Diane Abbott Loses Labour Whip After Racism Comments
Diane Abbott pictured last month (Alamy)
3 min read
Former shadow home secretary Diane Abbott has had the Labour whip removed after she appeared to compare racism against Jewish people to prejudice experienced by people with red hair.
Labour announced on Sunday it had removed the party whip from Abbott, who had apologised for the comments earlier in the morning.
A spokesperson said: “The Labour party completely condemns these comments which are deeply offensive and wrong.
“The chief whip has suspended the Labour whip from Diane Abbott pending an investigation.”
In a letter to The Observer newspaper today, Abbott, who served in Jeremy Corbyn’s shadow cabinet, said that “many types of white people” experience prejudice, but “they are not all their lives subject to racism".
Writing to the newspaper, in response to a comment piece published last weekend, Abbott, who represents Hackney North and Stoke Newington said: “Tomiwa Owolade claims that Irish, Jewish and Traveller people all suffer from 'racism'.
“They undoubtedly experience prejudice. This is similar to racism and the two words are often used as if they are interchangeable.
"It is true that many types of white people with points of difference, such as redheads, can experience this prejudice. But they are not all their lives subject to racism.

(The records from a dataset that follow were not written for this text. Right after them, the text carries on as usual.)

(* Let $G$ be the enhanced conflict graph of any traffic pattern in a multicast switch, and fix an input $i$. The subgraph of $G$ induced by the vertices representing subflows from input $i$ does not contain co-$P_3$ as an induced subgraph, where co-$P_3$ is the graph on three vertices $A,B,C$ with the single edge $BC$.
   Context: A flow is $(i,J)$ with input $i$ and nonempty fanout set $J$ of outputs; a traffic pattern is a finite set of flows; subflows are $(i,J,j)$ with $j\in J$. Enhanced conflict graph: one vertex per subflow; distinct subflows $(i,J,j),(i',J',j')$ adjacent iff $j=j'$, or $i=i'$ and $J\ne J'$. *)

From mathcomp Require Import all_boot.
Set Implicit Arguments. Unset Strict Implicit. Unset Printing Implicit Defensive.

Section Switch.
Variables (In Out : finType).

(* A flow (i, J): input i, fanout set J of outputs. *)
Definition flow := (In * {set Out})%type.

Definition traffic_pattern (P : {set flow}) : Prop :=
  forall f, f \in P -> f.2 != set0.

(* Subflow (i, J, j) with j in J. *)
Definition subflow := (In * {set Out} * Out)%type.

(* Vertex set of the enhanced conflict graph of P: the subflows of flows in P. *)
Definition is_subflow (P : {set flow}) (v : subflow) : bool :=
  ((v.1.1, v.1.2) \in P) && (v.2 \in v.1.2).

Definition ecg_adj (v w : subflow) : bool :=
  (v != w) && ((v.2 == w.2) || ((v.1.1 == w.1.1) && (v.1.2 != w.1.2))).

Definition has_induced_coP3_at (P : {set flow}) (i : In) : Prop :=
  exists a b c : subflow,
    [/\ is_subflow P a && (a.1.1 == i),
        is_subflow P b && (b.1.1 == i),
        is_subflow P c && (c.1.1 == i),
        [&& a != b, a != c & b != c] &
        [&& ~~ ecg_adj a b, ~~ ecg_adj a c & ecg_adj b c]].

End Switch.

From mathcomp Require Import all_boot.

(* Two distinct subflows from the same input are non-adjacent exactly when
   they belong to the same flow, and subflows of one flow are pairwise
   non-adjacent; so non-adjacency is transitive on the subflows of an input,
   which rules out co-P3. *)

Section SameInput.
Context {In Out : finType}.
Implicit Types v w : subflow In Out.

Lemma ecg_nonadj_same_fanout {v w} :
  v.1.1 = w.1.1 -> v != w -> ~~ ecg_adj v w -> v.1.2 = w.1.2.
Proof.
by move=> eqi nvw; rewrite /ecg_adj nvw eqi eqxx /= negb_or negbK => /andP[_ /eqP].
Qed.

Lemma ecg_nonadj_same_flow {v w} : v.1 = w.1 -> ~~ ecg_adj v w.
Proof.
move=> eqf; rewrite /ecg_adj eqf !eqxx /= orbF.
apply/negP=> /andP[/eqP nvw /eqP eq2]; apply: nvw.
by move: v w eqf eq2 => [? ?] [? ?] /= -> ->.
Qed.

End SameInput.

Theorem lemma2 (In Out : finType) (P : {set flow In Out}) (i : In) :
  traffic_pattern P -> ~ has_induced_coP3_at P i.
Proof.
move=> _ [a [b [c [/andP[_ /eqP ai] /andP[_ /eqP bi] /andP[_ /eqP ci]]]]].
case/and3P=> nab nac _ /and3P[nadj_ab nadj_ac adj_bc].
have Jab := ecg_nonadj_same_fanout (etrans ai (esym bi)) nab nadj_ab.
have Jac := ecg_nonadj_same_fanout (etrans ai (esym ci)) nac nadj_ac.
have eq_bc : b.1 = c.1.
  by move: b c bi ci Jab Jac {nab nac nadj_ab nadj_ac adj_bc} => [[? ?] ?] [[? ?] ?] /= -> -> <- <-.
by move: adj_bc; rewrite (negbTE (ecg_nonadj_same_flow eq_bc)).
Qed.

"In pre-civil rights America, Irish people, Jewish people and Travellers were not required to sit at the back of the bus. In apartheid South Africa, these groups were allowed to vote. And at the height of slavery, there were no white-seeming people manacled on the slave ships," Abbott wrote.
Labour Against Antisemitism described the letter as "unacceptable" and "grossly offensive".
Spokesperson Fiona Sharpe said: "To reduce the racism faced by Jews to mere prejudice when in living memory six million Jews were systematically slaughtered in Europe for their race is grossly offensive."
Abbott had already apologised for the comments and said that "the errors arose in an initial draft being sent."
She tweeted: "But there is no excuse, and I wish to apologise for any anguish caused.
"Racism takes many forms and it is completely undeniable that Jewish people have suffered its monstrous effects, as have Irish people, Travellers and many others."
Earlier this year, Starmer pledged that there will be “zero tolerance of antisemitism, of racism, of discrimination of any kind” when the Labour Party was lifted out of special measures after two years following past failings on antisemitism.
The party was placed in special measures in 2020 for after the equalities watchdog ruled that Jewish members had been unlawfully discriminating against under Jeremy Corbyn’s leadership between 2015 and 2019.
Following the decision in February, Starmer apologised to the Jewish community for the hurt the period had caused, and said he did not see the EHRC’s decision “as the end of the road”.
“I see it as a signpost that we are heading in the right direction,” he said.
Jeremy Corbyn has since been barred from standing as a Labour candidate at the next election.